What you will do: For the entries below, the expected answer is the line with "case/mapP => [[x y]] H /= [Ex Ey].", the line with "Variables (V W : finType) (i j : V) (b", and every line between them, exactly as written, and nothing more.
• • • • •
Lemma label_set_ext_order (k : 'I_(size ext_order)) b : b \in label_set k ->
  exists b', b = phi b' /\
    ((b' = j0 /\ val (proj_ord k) = k0) \/ b' \in label_set (proj_ord k)).
Proof.
case/label_setP => a [p1 [p2 [Hc Hk]]].
have Hb := confluence_target_old Hc.
case Eb: (psi b) => [b'|] //; exists b'; split; first by rewrite (psiK Eb).
case: (eqVneq (project p1) (project p2)) => Hpq.
  by left; apply: confluence_same_project Hc Eb Hpq Hk.
right; apply/label_setP; exists (base a), (project p1), (project p2).
have [H1 _ _ _] := Hc.
exact: conj (confluence_project Hc Eb Hpq) (mem_project_proj_ord H1 Hb Hk).
Qed.

Lemma src_k0_ord : src k0_ord = i0.
Proof. by rewrite (src_nth _ (i0, i0)) nth_k0. Qed.

Lemma label_j0_k0 (e : 'I_(size EX)) :
  src e = i0 -> j0 \in label_set e -> j0 \in label_set k0_ord.
Proof.
rewrite (src_nth _ (i0, i0)) => Hs /label_setP [a [p1 [p2 [Hc He]]]].
case: (boolP (k0 \in p1)) => H01; first by apply/label_setP; exists a, p1, p2.
case: (boolP (k0 \in p2)) => H02.
  by apply/label_setP; exists a, p2, p1; split=> //; apply: confluence_sym.
have [H1 H2 Hne Hd] := Hc.
have [r1 [r2 [Ep Hes R1 R2]]] := dpath_split H1 He.
rewrite (set_nth_default (i0, i0) _ Hes) Hs in R1.
have P1 : dpath EX a j0 (rcons r1 k0).
  by apply: dpath_rcons; rewrite // (set_nth_default (i0, i0) _ k0_lt) nth_k0.
apply/label_setP; exists a, (rcons r1 k0), p2; split; last by rewrite mem_rcons inE eqxx.
split=> //.
  by apply/negP => /eqP E; move: H02; rewrite -E mem_rcons inE eqxx.
move=> v; rewrite -cats1 mem_path_nodes_cat (dpath_end R1) /= !inE.
rewrite nth_k0 /=.
case/or3P => [Hv|/eqP Hv|/eqP Hv] Hv2; last by right.
- by apply: Hd => //; rewrite Ep mem_path_nodes_cat Hv.
- by apply: Hd => //; rewrite Hv Ep mem_path_nodes_cat -{1}(dpath_end R1) mem_path_end.
Qed.

Lemma src_proj_ord (k : 'I_(size ext_order)) u : psi (src k) = Some u -> src (proj_ord k) = u.
Proof.
rewrite !(src_nth _ (i0, i0)) (src_nth _ (phi i0, phi i0)) proj_ordE.
case: (ltnP (val k) (size EX)) => Hkm.
  by rewrite nth_ext_order_old //= phiK => -[].
have [_ H] := new_edge_src (nth_ext_order_new (phi i0, phi i0) Hkm (ltn_ord k)).
move=> E; rewrite nth_k0 /=.
have H' : (nth (phi i0, phi i0) ext_order k).1 = phi i0 by apply: H; rewrite E.
by rewrite H' phiK in E; case: E.
Qed.

Lemma bag_rel_proj_ord (k k' : 'I_(size ext_order)) :
  bag_rel k k' -> connect (@bag_rel _ EX) (proj_ord k) (proj_ord k').
Proof.
case/andP => /eqP Hs /set0Pn [c /setIP [Hc Hc']].
case Ex: (psi (src k)) => [u|]; last first.
  have Ekk : k = k'.
    apply: val_inj; apply: (@fresh_src_inj k k' (phi i0, phi i0) (phi i0, phi i0)) => //.
      by rewrite -(src_nth _ (phi i0, phi i0)).
    by rewrite -!(src_nth _ (phi i0, phi i0)).
  by rewrite Ekk connect0.
have S1 := src_proj_ord Ex.
have S2 : src (proj_ord k') = u by apply: src_proj_ord; rewrite -Hs.
have Skk : src (proj_ord k) = src (proj_ord k') by rewrite S1 S2.
have [b1 [E1 C1]] := label_set_ext_order Hc.
have [b2 [E2 C2]] := label_set_ext_order Hc'.
have Eb : b1 = b2 by apply: phi_inj; rewrite -E1 -E2.
subst b2.
have Hko : forall k1 : 'I_(size ext_order), val (proj_ord k1) = k0 -> proj_ord k1 = k0_ord.
  by move=> k1 H; apply: val_inj.
case: C1 => [[Hb1 R1]|L1]; case: C2 => [[Hb2 R2]|L2].
- by rewrite (Hko _ R1) (Hko _ R2) connect0.
- have Hk := Hko _ R1.
  have Hsrc : src (proj_ord k') = i0 by rewrite -Skk Hk src_k0_ord.
  have Lk' : j0 \in label_set (proj_ord k') by rewrite -Hb1.
  rewrite Hk; apply/connect1/(bag_rel_common_label _ (label_j0_k0 Hsrc Lk') Lk').
  by rewrite src_k0_ord Hsrc.
- have Hk := Hko _ R2.
  have Hsrc : src (proj_ord k) = i0 by rewrite Skk Hk src_k0_ord.
  have Lk : j0 \in label_set (proj_ord k) by rewrite -Hb2.
  rewrite Hk; apply/connect1/(bag_rel_common_label _ Lk (label_j0_k0 Hsrc Lk)).
  by rewrite src_k0_ord Hsrc.
- by apply: connect1; apply: (@bag_rel_common_label _ _ _ _ b1).
Qed.

Lemma bag_label_set_ext_order (k : 'I_(size ext_order)) :
  bag_label_set k \subset phi j0 |: (phi @: bag_label_set (proj_ord k)).
Proof.
apply/subsetP => c /bigcupP [k' Hk' Hc].
have Hcon : connect (@bag_rel _ EX) (proj_ord k) (proj_ord k').
  by apply: (homo_connect bag_rel_proj_ord); move: Hk'; rewrite inE.
have [b [-> C]] := label_set_ext_order Hc.
rewrite !inE; case: C => [[-> _]|L]; first by rewrite eqxx.
apply/orP; right; apply: imset_f.
by apply/bigcupP; exists (proj_ord k'); rewrite // inE.
Qed.

Lemma ewX_ext_order : ewX ext_order <= (ewX EX).+1.
Proof.
have Hb (k : 'I_(size ext_order)) :
    #|bag_label_set k| <= (\max_(k1 < size EX) #|bag_label_set k1|) + 1.
  apply: leq_trans (subset_leq_card (bag_label_set_ext_order k)) _.
  rewrite cardsU1 addnC; apply: leq_add; last by case: (_ \notin _).
  apply: leq_trans (leq_imset_card _ _) _.
  exact: leq_bigmax.
rewrite /ewX -[X in _ <= X]addn1 -addnA leq_add2l.
by apply/bigmax_leqP => k _; exact: Hb.
Qed.

Lemma ext_order_ew_le (E' : seq (V' * V')) s w :
  flips E' ext_order -> rooted EX s -> ewX EX <= w -> ew_le E' w.+1.
Proof.
move=> Hf Hs Hw; exists ext_order, (phi s); split.
  by split; [|exact: acyclic_ext_order|exact: rooted_ext_order].
by apply: leq_trans ewX_ext_order _; rewrite ltnS.
Qed.

End Extension.

Lemma map_edges_id (V : Type) (s : seq (V * V)) : map_edges id s = s.
Proof. by elim: s => [|[a b] s IH] //=; rewrite IH. Qed.

Lemma flips_map_edges (V V' : finType) (f : V -> V') (E X : seq (V * V)) :
  flips E X -> flips (map_edges f E) (map_edges f X).
Proof.
elim: E X => [|e E IH] [|g X] //= /andP [H /IH ->]; rewrite andbT.
by case: e g H => [x y] [x' y'] /orP [] /eqP [-> ->]; rewrite eqxx ?orbT.
Qed.

Lemma ew_le_add_max_degree (V V' : finType) (E : seq (V * V)) (E' : seq (V' * V'))
    i j w :
  (i, j) \in E -> ew_le E' w.+1 -> ew_le E' (w + max_degree E).
Proof.
move=> Hij [X [s [HX Hw]]]; exists X, s; split=> //.
by apply: leq_trans Hw _; rewrite -addn1 leq_add2l; apply: max_degree_gt0 Hij.
Qed.

Lemma ew_le_parallel (V : finType) (E : seq (V * V)) (i j : V) (orient : seq bool) w :
  (i, j) \in E -> ew_le E w ->
  ew_le (E ++ [seq if b then (i, j) else (j, i) | b <- orient]) (w + max_degree E).
Proof.
move=> Hij [EX [s [[Hf Hac Hro] Hw]]].
have [k0 [i0 [j0 [k0_lt nth_k0 Hor]]]] := flips_mem Hij Hf.
apply: ew_le_add_max_degree Hij _.
apply: (@ext_order_ew_le V V id Some _ _ EX [seq (i0, j0) | _ <- orient] k0 i0 j0
  (fun _ => 0) k0_lt nth_k0 Hac) => //.
- by move=> x v [->].
- by move=> g /mapP [? _ ->]; split; left.
rewrite /ext_order map_edges_id; apply: flips_cat Hf _.
elim: orient => [|b o IH] //=; rewrite IH andbT.
by case: b; case: Hor => -[-> ->]; rewrite eqxx ?orbT.
Qed.

Definition inl_inv (V W : Type) (x : V + W) : option V :=
  if x is inl v then Some v else None.

Lemma count_mem_map_inr (V W : eqType) (a : W) (ws : seq W) :
  count_mem (inr a : V + W) (map inr ws) = count_mem a ws.
Proof. by elim: ws => [|w ws IH] //=; rewrite IH. Qed.

Lemma map_fst_swap (T : finType) (s : seq (T * T)) :
  map fst (map (@swap_edge _) s) = map snd s.
Proof. by elim: s => [|e s IH] //=; rewrite IH. Qed.

Lemma map_snd_swap (T : finType) (s : seq (T * T)) :
  map snd (map (@swap_edge _) s) = map fst s.
Proof. by elim: s => [|e s IH] //=; rewrite IH. Qed.

Lemma index_consecutive (T : eqType) (s1 s2 : seq T) a c :
  uniq (s1 ++ a :: c :: s2) ->
  index c (s1 ++ a :: c :: s2) = (index a (s1 ++ a :: c :: s2)).+1.
Proof.
rewrite cat_uniq => /and3P [_ Hd /= /andP [Ha _]].
have Ha1 : a \notin s1 by apply/negP => H; move/hasP: Hd; apply; exists a; rewrite ?inE ?eqxx.
have Hc1 : c \notin s1.
  by apply/negP => H; move/hasP: Hd; apply; exists c; rewrite ?inE ?eqxx ?orbT.
have Hac : a != c by apply/eqP => E; move: Ha; rewrite E inE eqxx.
by rewrite !index_cat (negbTE Ha1) (negbTE Hc1) /= eqxx (negbTE Hac) eqxx addn1 addn0.
Qed.

Section NewPaths.
Variables (V W : finType) (i j : V).

Fixpoint chain_edges (x : V + W) (ws : seq W) : seq ((V + W) * (V + W)) :=
  if ws is w :: ws' then (x, inr w) :: chain_edges (inr w) ws' else [:: (x, inl j)].

Lemma path_edges_chain ws : path_edges i j ws = chain_edges (inl i) ws.
Proof.
rewrite /path_edges /=; move: (inl i : V + W) => x.
by elim: ws x => [|w ws IH] x //=; rewrite IH.
Qed.

Lemma map_fst_chain_edges x ws : map fst (chain_edges x ws) = x :: map inr ws.
Proof. by elim: ws x => [|w ws IH] x //=; rewrite IH. Qed.

Lemma map_snd_chain_edges x ws : map snd (chain_edges x ws) = rcons (map inr ws) (inl j).
Proof. by elim: ws x => [|w ws IH] x //=; rewrite IH. Qed.

Lemma chain_edges_inr x ws a c : (inr a, inr c) \in chain_edges x ws ->
  exists s1 s2, (if x is inr x0 then x0 :: ws else ws) = s1 ++ a :: c :: s2.
Proof.
elim: ws x => [|w ws IH] x /=; first by rewrite inE => /eqP [].
rewrite inE => /orP [/eqP [<- <-]|/IH [s1 [s2 E]]]; first by exists [::], ws.
by case: x => [v|x0]; [exists s1, s2 | exists (x0 :: s1), s2; rewrite E].
Qed.

Lemma chain_edges_inl ws g : g \in chain_edges (inl i) ws ->
  (forall v, g.1 = inl v -> v = i) /\ (forall v, g.2 = inl v -> v = j).
Proof.
move=> Hg; split=> v E.
  have := map_f fst Hg; rewrite map_fst_chain_edges E inE.
  by case/orP => [/eqP [] | /mapP [w _]].
have := map_f snd Hg; rewrite map_snd_chain_edges E mem_rcons inE.
by case/orP => [/eqP [] | /mapP [w _]].
Qed.

Definition oriented_path (b : bool) (ws : seq W) : seq ((V + W) * (V + W)) :=
  if b then path_edges i j ws else map (@swap_edge _) (path_edges i j ws).

Variable b : bool.

Lemma count_inr_oriented_path ws a :
  count_mem (inr a) (map fst (oriented_path b ws)) = count_mem a ws /\
  count_mem (inr a) (map snd (oriented_path b ws)) = count_mem a ws.
Proof.
rewrite /oriented_path path_edges_chain; case: b; rewrite ?map_fst_swap ?map_snd_swap;
  by rewrite map_fst_chain_edges map_snd_chain_edges /= -cats1 count_cat
    count_mem_map_inr /= !addn0.
Qed.

Lemma oriented_path_inl ws g : g \in oriented_path b ws ->
  (forall v, g.1 = inl v -> v = (if b then i else j)) /\
  (forall v, g.2 = inl v -> v = (if b then j else i)).
Proof.
rewrite /oriented_path path_edges_chain; case: b; first exact: chain_edges_inl.
by case/mapP => g0 /chain_edges_inl [H1 H2] ->.
Qed.

Lemma oriented_path_inr ws a c : (inr a, inr c) \in oriented_path b ws ->
  exists s1 s2, ws = s1 ++ (if b then a else c) :: (if b then c else a) :: s2.
Proof.
rewrite /oriented_path path_edges_chain; case: b; first exact: chain_edges_inr.
case/mapP => [[x y]] H /= [Ex Ey].
by apply: (@chain_edges_inr (inl i)); rewrite Ex Ey.
Qed.

Lemma oriented_path_reaches ws a : a \in ws -> inr a \in map snd (oriented_path b ws).
Proof.
move=> Ha; rewrite /oriented_path path_edges_chain; case: b.
  by rewrite map_snd_chain_edges mem_rcons inE map_f ?orbT.
by rewrite map_snd_swap map_fst_chain_edges inE map_f ?orbT.
Qed.

Lemma flips_oriented_path ws q :
  flips (path_edges i j ws) q -> flips q (oriented_path b ws).
Proof. by move/flips_sym=> H; rewrite /oriented_path; case: b => //; apply: flips_swap. Qed.

End NewPaths.

Lemma flatten_map_split (T U : eqType) (f : U -> seq T) (s : seq U) x :
  x \in s -> exists s1 s2, flatten (map f s) = s1 ++ f x ++ s2.
Proof.
case/splitPr => s1 s2; exists (flatten (map f s1)), (flatten (map f s2)).
by rewrite map_cat flatten_cat.
Qed.

Section PathFamily.
Variables (V W : finType) (i j : V) (b : bool).
Variable P : seq (seq W * seq ((V + W) * (V + W))).
Let F := flatten [seq p.1 | p <- P].
Let G := flatten [seq oriented_path i j b p.1 | p <- P].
• • • • •
Your response:
case/mapP => [[x y]] H /= [Ex Ey].
by apply: (@chain_edges_inr (inl i)); rewrite Ex Ey.
Qed.

Lemma oriented_path_reaches ws a : a \in ws -> inr a \in map snd (oriented_path b ws).
Proof.
move=> Ha; rewrite /oriented_path path_edges_chain; case: b.
  by rewrite map_snd_chain_edges mem_rcons inE map_f ?orbT.
by rewrite map_snd_swap map_fst_chain_edges inE map_f ?orbT.
Qed.

Lemma flips_oriented_path ws q :
  flips (path_edges i j ws) q -> flips q (oriented_path b ws).
Proof. by move/flips_sym=> H; rewrite /oriented_path; case: b => //; apply: flips_swap. Qed.

End NewPaths.

Lemma flatten_map_split (T U : eqType) (f : U -> seq T) (s : seq U) x :
  x \in s -> exists s1 s2, flatten (map f s) = s1 ++ f x ++ s2.
Proof.
case/splitPr => s1 s2; exists (flatten (map f s1)), (flatten (map f s2)).
by rewrite map_cat flatten_cat.
Qed.

Section PathFamily.
Variables (V W : finType) (i j : V) (b : bool).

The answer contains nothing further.